When I was just 9 years old my family and our people were in the middle of war-torn Kosovo. It was 1999 and Serbia wanted us out. It was really just a matter of who was more dominate and they (Serbia) got us out.
I still remember the day the Serbian army stormed our home. That was the day my life changed forever. They kicked in the door and big army guys stormed our home with guns. I was just a little kid at the time and I was scared. They told us if we didn’t get out of the house they were going to shoot my mom and dad.
We had no choice and nowhere to go, they were bombing houses everywhere. We ended up having to live in the woods for about a month. It was tough, but we had to do it. We had no food and my brother would risk his life and sneak back passed the army to our house every day to get eggs and things to help us survive. One day, my brother went with my cousin to get food and he heard a scream, he looked back to see my cousin being beaten up by 3 big guys. They begged the army to let my cousin go and they told them he could go and just as they started to walk off, my brother looked back and saw them shoot my cousin in the back of the head. He died right in front of my brother’s eyes. It didn’t make sense to me how they were killing kids and grown-ups and just everybody.
My parents tried to keep telling us, “Everything was going to be alright; everything was going to be fine.” They told us, “We were going to make it,” but it’s kind of hard to believe when you hear gunshots and bombs constantly going off all around you. I personally didn’t feel like I was going to make it.
Eventually, our family ran from Kosovo through the woods. We spent two months in a refugee camp in Macedonia and then it took us another two months to get to the United States. We took a lot of bus rides and a lot of trains, I didn’t know where I was going after the war, but we came to the United States and landed in San Antonio. I didn’t know why I ended up in San Antonio, but I later found out that an American family was sponsoring us to come to the U.S.
When we first got to the U.S. we didn’t speak any English and all we had were the clothes on our backs, but we made it. That’s been 15 years ago now and my family has worked hard; we own our own home and my parents own a Greek restaurant in Kerrville, TX. Even as a kid I felt I had to do my part. I worked hard on my academics and even harder on learning the game of basketball because through sports I saw a way to help pay for my education.

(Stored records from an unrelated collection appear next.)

(* Let $\bar\rho>0$, $\bar\theta>0$, $R>0$, $c_v>0$, $\nu_0>0$, $k_0>0$ be constants, $b=\bar\theta/c_v$, and for $\xi\in\mathbb{R}$ let \[ A(\xi)=\begin{pmatrix}0&\bar\rho i\xi&0\\ \frac{R\bar\theta}{\bar\rho}i\xi&-\nu_0\xi^2&Ri\xi\\ 0&\frac{R\bar\theta}{c_v}i\xi&-k_0\xi^2\end{pmatrix}. \] Then for every $\xi\in\mathbb{R}$ all eigenvalues of $A(\xi)$ have non-positive real part. Moreover there exists $\xi_0=\xi_0(R,\bar\theta,\nu_0,k_0,b)>0$ such that for $|\xi|\ge\xi_0$ one can choose an eigenvalue $-\delta(\xi)$ of $A(\xi)$ satisfying \[ \lim_{|\xi|\to\infty}\delta(\xi)=\omega_0,\qquad \omega_0=\frac{R\bar\theta}{\nu_0}. \]
   Context: $A(\xi)$ is the Fourier symbol of the adjoint of the one-dimensional compressible non-barotropic Navier–Stokes system linearized around $(\bar\rho,0,\bar\theta)$, with $\nu_0=(\lambda+2\mu)/\bar\rho$ and $k_0=\kappa/(\bar\rho c_v)$. *)

From HB Require Import structures.
From mathcomp Require Import all_boot all_order all_algebra.
From mathcomp Require Import reals complex.
Set Implicit Arguments. Unset Strict Implicit. Unset Printing Implicit Defensive.
Import Order.TTheory GRing.Theory Num.Theory.
Local Open Scope ring_scope.
Local Open Scope complex_scope.

(* Parameters: rho = \bar\rho, theta = \bar\theta, Rg = R (gas constant),
   cv = c_v, nu0, k0. *)
Definition Amat (R : realType) (rho theta Rg cv nu0 k0 xi : R)
  : 'M[R[i]]_3 :=
  let ixi : R[i] := (0 +i* xi) in
  \matrix_(j < 3, k < 3)
    match nat_of_ord j, nat_of_ord k with
    | 0, 1 => rho%:C * ixi
    | 1, 0 => (Rg * theta / rho)%:C * ixi
    | 1, 1 => (- (nu0 * xi ^+ 2))%:C
    | 1, 2 => Rg%:C * ixi
    | 2, 1 => (Rg * theta / cv)%:C * ixi
    | 2, 2 => (- (k0 * xi ^+ 2))%:C
    | _, _ => 0
    end.

From HB Require Import structures.
From mathcomp Require Import all_boot all_order all_algebra.
From mathcomp Require Import reals complex.
From mathcomp Require Import ring lra.
From Stdlib Require Import ClassicalEpsilon.
Import Order.TTheory GRing.Theory Num.Theory.
Local Open Scope ring_scope.
Local Open Scope complex_scope.

(* Energy estimate: for a left eigenvector v of A(xi) (MathComp's [eigenvalue]
   uses row vectors) with eigenvalue s + i t, the weighted energy
   S = rho R |v0|^2 + c1 R |v1|^2 + c1 c2 |v2|^2, where c1 = R theta/rho and
   c2 = R theta/c_v, satisfies s S = - xi^2 (c1 R nu0 |v1|^2 + c1 c2 k0 |v2|^2):
   the weights make the first-order coupling skew-adjoint, so only the
   diffusion dissipates and s <= 0.
   Large frequencies: -d is an eigenvalue as soon as d solves the dispersion
   relation F(xi^2, d) = 0, where F(X, d) = det(-d - A(xi)) is a cubic in d.
   For large X = xi^2 it changes sign on [0, 2 om0], and at a root the
   identity nu0 k0 X^2 (om0 - d) = X P(d) + d^3, with P bounded on
   [0, 2 om0], gives |d - om0| = O(1/X). *)

Lemma mulmx_row3 (F : pzRingType) (v : 'rV[F]_3) (A : 'M[F]_3) j :
  (v *m A) 0 j = v 0 0 * A 0 j + v 0 1 * A 1 j + v 0 2%:R * A 2%:R j.
Proof.
rewrite mxE !big_ord_recr big_ord0 /= add0r.
by congr (v 0 _ * A _ j + v 0 _ * A _ j + v 0 _ * A _ j); apply: val_inj.
Qed.

Lemma row3P (T : Type) (u w : 'rV[T]_3) :
  u = w <-> [/\ u 0 0 = w 0 0, u 0 1 = w 0 1 & u 0 2%:R = w 0 2%:R].
Proof.
split=> [-> // | [e0 e1 e2]]; apply/rowP; case=> -[|[|[|//]]] j_lt.
- by rewrite (_ : Ordinal j_lt = 0) //; apply: val_inj.
- by rewrite (_ : Ordinal j_lt = 1) //; apply: val_inj.
- by rewrite (_ : Ordinal j_lt = 2%:R) //; apply: val_inj.
Qed.

Lemma complex_eq0 (R : realDomainType) (a b : R) :
  (a +i* b == 0) = (a ^+ 2 + b ^+ 2 == 0).
Proof. by rewrite paddr_eq0 ?sqr_ge0 // !sqrf_eq0 eq_complex. Qed.

Lemma normc_real (R : rcfType) (a : R) : `|a%:C| = `|a|%:C.
Proof. by rewrite normc_def /= expr0n /= addr0 sqrtr_sqr. Qed.

(* [dispersion_cubic nu k om D X d] is det(-d - A(xi)) for X = xi^2,
   om = R theta/nu0 and D = R (R theta/c_v). *)
Definition dispersion_cubic {R : pzRingType} (nu k om D X d : R) : R :=
  nu * om * X * (k * X - d) - d * (nu * X - d) * (k * X - d) - D * X * d.

Section DispersionCubic.
Context {R : rcfType} {nu k om D : R}.
Hypotheses (nu_gt0 : 0 < nu) (k_gt0 : 0 < k) (om_gt0 : 0 < om) (D_gt0 : 0 < D).

Let om2_ge0 : 0 <= 2 * om. Proof. by rewrite mulr_ge0 // ltW. Qed.

Lemma dispersion_cubic_root {X : R} : 2 * om < k * X -> 4 * om < nu * X ->
  exists2 d, 0 < d <= 2 * om & dispersion_cubic nu k om D X d = 0.
Proof.
move=> kX_gt nuX_gt.
have X_gt0 : 0 < X by rewrite -(pmulr_rgt0 X nu_gt0) (lt_trans _ nuX_gt) ?mulr_gt0.
pose p : {poly R} := - ((nu * om * X)%:P * ((k * X)%:P - 'X)
  - 'X * ((nu * X)%:P - 'X) * ((k * X)%:P - 'X) - (D * X)%:P * 'X).
have pE d : p.[d] = - dispersion_cubic nu k om D X d by rewrite !hornerE.
have F0 : dispersion_cubic nu k om D X 0 = nu * om * k * X ^+ 2.
  by rewrite /dispersion_cubic; ring.
have F0_gt0 : 0 < nu * om * k * X ^+ 2 by rewrite !mulr_gt0 // exprn_gt0.
(* the hypotheses on X are exactly what makes both factors positive *)
have F2 : dispersion_cubic nu k om D X (2 * om)
    = - om * (k * X - 2 * om) * (nu * X - 4 * om) - 2 * D * X * om.
  by rewrite /dispersion_cubic; ring.
have F2_lt0 : dispersion_cubic nu k om D X (2 * om) < 0.
  rewrite F2; have : 0 < om * (k * X - 2 * om) * (nu * X - 4 * om).
    by rewrite !mulr_gt0 // subr_gt0.
  have : 0 < D * X * om by rewrite !mulr_gt0.
  lra.
have sign_change : p.[0] <= 0 <= p.[2 * om].
  by rewrite !pE F0 oppr_le0 oppr_ge0 (ltW F0_gt0) (ltW F2_lt0).
have [d /andP[d_ge0 d_le] /rootP] := poly_ivt om2_ge0 sign_change.
rewrite pE => /eqP; rewrite oppr_eq0 => /eqP root_d.
exists d => //; rewrite d_le andbT lt_def d_ge0 andbT.
by apply: contraPneq root_d => ->; rewrite F0 => /eqP; rewrite gt_eqF.
Qed.

Lemma dispersion_cubic_root_near : exists K, forall X d, 1 <= X ->
  0 <= d <= 2 * om -> dispersion_cubic nu k om D X d = 0 ->
  nu * k * X * `|d - om| <= K.
Proof.
pose a := nu * om + D; pose b := nu + k.
have a_ge0 : 0 <= a by rewrite addr_ge0 // ?mulr_ge0 // ltW.
have b_ge0 : 0 <= b by rewrite addr_ge0 // ltW.
exists (a * (2 * om) + b * (2 * om) ^+ 2 + (2 * om) ^+ 3).
move=> X d X_ge1 /andP[d_ge0 d_le] root_d.
have X_gt0 : 0 < X by lra.
have root_identity :
    nu * k * X ^+ 2 * (om - d) = X * (a * d - b * d ^+ 2) + d ^+ 3.
  by apply/eqP; rewrite -subr_eq0 -root_d /dispersion_cubic /a /b; apply/eqP; ring.
have P_le : `|a * d - b * d ^+ 2| <= a * (2 * om) + b * (2 * om) ^+ 2.
  apply: le_trans (ler_normB _ _) _.
  rewrite !normrM (ger0_norm a_ge0) (ger0_norm b_ge0) (ger0_norm d_ge0).
  by rewrite lerD // ler_wpM2l // -expr2 ler_pXn2r.
have d3_le : d ^+ 3 <= X * (2 * om) ^+ 3.
  apply: le_trans (_ : _ <= (2 * om) ^+ 3) _; first by rewrite ler_pXn2r ?nnegrE.
  by rewrite ler_peMl ?exprn_ge0.
have nkX2_ge0 : 0 <= nu * k * X ^+ 2 by rewrite !mulr_ge0 ?sqr_ge0 // ltW.
rewrite -(ler_pM2l X_gt0) mulrDr.
have -> : X * (nu * k * X * `|d - om|) = `|nu * k * X ^+ 2 * (om - d)|.
  by rewrite normrM (ger0_norm nkX2_ge0) distrC; ring.
rewrite root_identity; apply: le_trans (ler_normD _ _) _.
by rewrite normrM (gtr0_norm X_gt0) (ger0_norm (exprn_ge0 _ d_ge0)) lerD // ler_pM2l.
Qed.

End DispersionCubic.

Section Symbol.
Context {R : realType} {rho theta Rg cv nu0 k0 : R}.
Hypotheses (rho_gt0 : 0 < rho) (theta_gt0 : 0 < theta) (Rg_gt0 : 0 < Rg)
  (cv_gt0 : 0 < cv) (nu0_gt0 : 0 < nu0) (k0_gt0 : 0 < k0).

Local Notation A := (Amat rho theta Rg cv nu0 k0).
Local Notation c1 := (Rg * theta / rho).
Local Notation c2 := (Rg * theta / cv).
Local Notation om := (Rg * theta / nu0).

Lemma Amat_left_eigenP {xi : R} {v : 'rV[R[i]]_3} {a0 b0 a1 b1 a2 b2 s t : R} :
  v 0 0 = a0 +i* b0 -> v 0 1 = a1 +i* b1 -> v 0 2%:R = a2 +i* b2 ->
  v *m A xi = (s +i* t) *: v <->
  [/\ - c1 * xi * b1 = s * a0 - t * b0 /\ c1 * xi * a1 = s * b0 + t * a0,
      - rho * xi * b0 - nu0 * xi ^+ 2 * a1 - c2 * xi * b2 = s * a1 - t * b1 /\
      rho * xi * a0 - nu0 * xi ^+ 2 * b1 + c2 * xi * a2 = s * b1 + t * a1
    & - Rg * xi * b1 - k0 * xi ^+ 2 * a2 = s * a2 - t * b2 /\
      Rg * xi * a1 - k0 * xi ^+ 2 * b2 = s * b2 + t * a2].
Proof.
move=> v0 v1 v2; rewrite row3P !mulmx_row3 !mxE /= v0 v1 v2 /real_complex_def.
simpc; split.
  by case=> -[e0r e0i] [e1r e1i] [e2r e2i]; split; split; lra.
by case=> -[? ?] [? ?] [? ?]; split; congr (_ +i* _); lra.
Qed.

Lemma Amat_left_eigen_energy {xi : R} {v : 'rV[R[i]]_3} {a0 b0 a1 b1 a2 b2 s t : R} :
  v 0 0 = a0 +i* b0 -> v 0 1 = a1 +i* b1 -> v 0 2%:R = a2 +i* b2 ->
  v *m A xi = (s +i* t) *: v ->
  s * (rho * Rg * (a0 ^+ 2 + b0 ^+ 2) + c1 * Rg * (a1 ^+ 2 + b1 ^+ 2)
       + c1 * c2 * (a2 ^+ 2 + b2 ^+ 2))
  = - xi ^+ 2 * (c1 * Rg * nu0 * (a1 ^+ 2 + b1 ^+ 2)
                 + c1 * c2 * k0 * (a2 ^+ 2 + b2 ^+ 2)).
Proof.
move=> v0 v1 v2 /(Amat_left_eigenP v0 v1 v2).
case=> -[e0r e0i] [e1r e1i] [e2r e2i].
transitivity (rho * Rg * (a0 * (s * a0 - t * b0) + b0 * (s * b0 + t * a0))
  + c1 * Rg * (a1 * (s * a1 - t * b1) + b1 * (s * b1 + t * a1))
  + c1 * c2 * (a2 * (s * a2 - t * b2) + b2 * (s * b2 + t * a2))); first ring.
by rewrite -e0r -e0i -e1r -e1i -e2r -e2i; ring.
Qed.

Lemma Amat_eigenvalue_Re_le0 xi lam : eigenvalue (A xi) lam -> 'Re lam <= 0.
Proof.
case/eigenvalueP=> v; case: lam => s t eigen_v v_neq0.
case E0: (v 0 0) => [a0 b0]; case E1: (v 0 1) => [a1 b1].
case E2: (v 0 2%:R) => [a2 b2].
have energy := Amat_left_eigen_energy E0 E1 E2 eigen_v.
rewrite -complexRe lecR /=.
have c1_gt0 : 0 < c1 by rewrite !mulr_gt0 ?invr_gt0.
have c2_gt0 : 0 < c2 by rewrite !mulr_gt0 ?invr_gt0.
set n0 := a0 ^+ 2 + b0 ^+ 2 in energy; set n1 := a1 ^+ 2 + b1 ^+ 2 in energy.
set n2 := a2 ^+ 2 + b2 ^+ 2 in energy.
have n_ge0 (a b : R) : 0 <= a ^+ 2 + b ^+ 2 by rewrite addr_ge0 ?sqr_ge0.
have w0_gt0 : 0 < rho * Rg by rewrite mulr_gt0.
have w1_gt0 : 0 < c1 * Rg by rewrite mulr_gt0.
have w2_gt0 : 0 < c1 * c2 by rewrite mulr_gt0.
have T_ge0 w n : 0 < w -> 0 <= n -> 0 <= w * n by move=> /ltW; apply: mulr_ge0.
have S_gt0 : 0 < rho * Rg * n0 + c1 * Rg * n1 + c1 * c2 * n2.
  rewrite lt_def !addr_ge0 ?T_ge0 ?n_ge0 // andbT.
  apply: contraNneq v_neq0 => /eqP.
  rewrite !paddr_eq0 ?addr_ge0 ?T_ge0 ?n_ge0 // (mulf_eq0 (rho * Rg)).
  rewrite (mulf_eq0 (c1 * Rg)) (mulf_eq0 (c1 * c2)) (gt_eqF w0_gt0).
  rewrite (gt_eqF w1_gt0) (gt_eqF w2_gt0) /= -!complex_eq0.
  rewrite -E0 -E1 -E2 => /andP[/andP[/eqP z0 /eqP z1] /eqP z2].
  by apply/eqP/row3P; rewrite !mxE.
have diss_ge0 : 0 <= c1 * Rg * nu0 * n1 + c1 * c2 * k0 * n2.
  by rewrite addr_ge0 // T_ge0 ?n_ge0 // mulr_gt0.
rewrite leNgt; apply/negP => s_gt0.
have := mulr_gt0 s_gt0 S_gt0; rewrite energy.
have := mulr_ge0 (sqr_ge0 xi) diss_ge0; lra.
Qed.

Lemma Amat_eigenvalue_cubic_root xi d : xi != 0 -> d != 0 ->
  dispersion_cubic nu0 k0 om (Rg * c2) (xi ^+ 2) d = 0 ->
  eigenvalue (A xi) (- d%:C).
Proof.
move=> xi_neq0 d_neq0 root_d.
(* the eigenvector is read off the first and last rows of A(xi) + d *)
set b0 := c1 * xi * (k0 * xi ^+ 2 - d); set a1 := - d * (k0 * xi ^+ 2 - d).
set b2 := - Rg * xi * d.
set v : 'rV[R[i]]_3 := \row_j [:: 0 +i* b0; a1 +i* 0; 0 +i* b2]`_j.
have E0 : v 0 0 = 0 +i* b0 by rewrite mxE.
have E1 : v 0 1 = a1 +i* 0 by rewrite mxE.
have E2 : v 0 2%:R = 0 +i* b2 by rewrite mxE.
apply/eigenvalueP; exists v.
  rewrite (_ : - d%:C = (- d) +i* 0); last by rewrite /real_complex_def; simpc.
  apply/(Amat_left_eigenP E0 E1 E2); rewrite /b0 /a1 /b2.
  split; split; try ring.
  apply/eqP; rewrite -subr_eq0; apply/eqP.
  transitivity (- dispersion_cubic nu0 k0 om (Rg * c2) (xi ^+ 2) d).
    by rewrite /dispersion_cubic; field; rewrite !gt_eqF.
  by rewrite root_d oppr0.
have b2_neq0 : b2 != 0 by rewrite !mulf_neq0 // oppr_eq0 gt_eqF.
apply: contraNneq b2_neq0 => /row3P[_ _].
by rewrite E2 mxE => /(congr1 (@complex.Im R)) /= ->.
Qed.

Lemma Amat_eigenvalue_near_om : exists2 xi0, 1 <= xi0 & exists K,
  forall xi, xi0 <= `|xi| -> exists d,
    eigenvalue (A xi) (- d%:C) /\ nu0 * k0 * `|xi| * `|d - om| <= K.
Proof.
have om_gt0 : 0 < om by rewrite !mulr_gt0 ?invr_gt0.
have D_gt0 : 0 < Rg * c2 by rewrite !mulr_gt0 ?invr_gt0.
have [K near] := dispersion_cubic_root_near nu0_gt0 k0_gt0 om_gt0 D_gt0.
have q1_ge0 : 0 <= 2 * om / k0 by rewrite ltW // !mulr_gt0 ?invr_gt0.
have q2_ge0 : 0 <= 4 * om / nu0 by rewrite ltW // !mulr_gt0 ?invr_gt0.
exists (1 + 2 * om / k0 + 4 * om / nu0); first lra.
exists K => xi le_xi.
have xi_ge1 : 1 <= `|xi| by lra.
have xi_le_sqr : `|xi| <= xi ^+ 2 by rewrite -real_normK ?num_real // ler_peMr.
have kX_gt : 2 * om < k0 * xi ^+ 2.
  by rewrite -ltr_pdivrMl //; lra.
have nuX_gt : 4 * om < nu0 * xi ^+ 2.
  by rewrite -ltr_pdivrMl //; lra.
have [d /andP[d_gt0 d_le] root_d] :=
  dispersion_cubic_root nu0_gt0 k0_gt0 om_gt0 D_gt0 kX_gt nuX_gt.
exists d; split.
  by apply: Amat_eigenvalue_cubic_root => //; [rewrite -normr_gt0 | rewrite gt_eqF]; lra.
have d_in : 0 <= d <= 2 * om by rewrite ltW.
apply: le_trans (near _ _ (le_trans xi_ge1 xi_le_sqr) d_in root_d).
by rewrite ler_wpM2r ?normr_ge0 // ler_wpM2l // ltW // mulr_gt0.
Qed.

End Symbol.

Lemma Oinv_cvg_at_infty {R : realFieldType} {f : R -> R} {l a K x0 : R} :
  0 < a -> 0 < x0 -> (forall x, x0 <= `|x| -> a * `|x| * `|f x - l| <= K) ->
  forall eps, 0 < eps -> exists M, forall x, M <= `|x| -> `|f x - l| < eps.
Proof.
move=> a_gt0 x0_gt0 rate eps eps_gt0.
have ae_gt0 : 0 < a * eps by rewrite mulr_gt0.
have K_ge0 : 0 <= `|K| / (a * eps) by rewrite divr_ge0 ?normr_ge0 ?ltW.
exists (x0 + `|K| / (a * eps)) => x le_x.
have x_gt0 : 0 < `|x| by lra.
rewrite -(ltr_pM2l (mulr_gt0 a_gt0 x_gt0)).
apply: le_lt_trans (rate _ (le_trans (ler_wpDr K_ge0 (lexx _)) le_x)) _.
apply: le_lt_trans (ler_norm K) _.
rewrite (_ : _ * eps = `|x| * (a * eps)); last by ring.
by rewrite -ltr_pdivrMr //; lra.
Qed.

Theorem lemma2p5 (R : realType) (rho theta Rg cv nu0 k0 : R) :
  0 < rho -> 0 < theta -> 0 < Rg -> 0 < cv -> 0 < nu0 -> 0 < k0 ->
  (forall (xi : R) (lam : R[i]),
      eigenvalue (Amat rho theta Rg cv nu0 k0 xi) lam -> Re lam <= 0) /\
  (exists xi0 : R, 0 < xi0 /\
     exists delta : R -> R[i],
       (forall xi : R, xi0 <= `|xi| ->
          eigenvalue (Amat rho theta Rg cv nu0 k0 xi) (- delta xi)) /\
       (forall eps : R, 0 < eps -> exists M : R, forall xi : R,
          M <= `|xi| -> `|delta xi - (Rg * theta / nu0)%:C| < eps%:C)).
Proof.
move=> rho_gt0 theta_gt0 Rg_gt0 cv_gt0 nu0_gt0 k0_gt0.
split=> [xi lam|]; first exact: Amat_eigenvalue_Re_le0.
have [xi0 xi0_ge1 [K near]] :=
  Amat_eigenvalue_near_om rho_gt0 theta_gt0 Rg_gt0 cv_gt0 nu0_gt0 k0_gt0.
have /choice[d dP] : forall xi, exists d, xi0 <= `|xi| ->
    eigenvalue (Amat rho theta Rg cv nu0 k0 xi) (- d%:C) /\
    nu0 * k0 * `|xi| * `|d - Rg * theta / nu0| <= K.
  move=> xi; have [/near[d ?]|_] := lerP xi0 `|xi|; first by exists d.
  by exists 0.
have nk_gt0 : 0 < nu0 * k0 by rewrite mulr_gt0.
have rate xi : xi0 <= `|xi| -> nu0 * k0 * `|xi| * `|d xi - Rg * theta / nu0| <= K.
  by move/dP=> [].
have xi0_gt0 : 0 < xi0 by lra.
exists xi0; split=> //.
exists (fun xi => (d xi)%:C); split=> [xi /dP[] // | eps eps_gt0].
have [M near_om] := Oinv_cvg_at_infty nk_gt0 xi0_gt0 rate _ eps_gt0.
by exists M => xi /near_om; rewrite -raddfB normc_real ltcR.
Qed.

In 2012, Northern Oklahoma College opened the first doors to my career and education. They offered me a scholarship to play for the Mavericks for two years and gave me the education I needed to transfer to Newman University, where in 2014, I obtained my Bachelors in Sports Communications, the first college degree in my family. The scholarship opportunities I’ve been given still bring tears to my eyes; some may think it’s because I’m sensitive or emotional, but the truth is I promised my mom that I would study and practice hard, and that I would get a scholarship to pay for my own education so that she would not have to worry.
Now here I am in 2016, I’m working on my first year of my Masters in Organizational Leadership at Newman University in Wichita and am also the Assistant Coach for the women’s basketball team. I’m thankful for all the opportunities I’ve been given, thankful for my education, and thankful for the scholarships that have allowed me to have and education. One day I hope to continue on with my love for basketball and have a career job as a head coach.
Times in my life have been tough, tougher than most will ever face in an entire lifetime, but my mom was right, we did make it!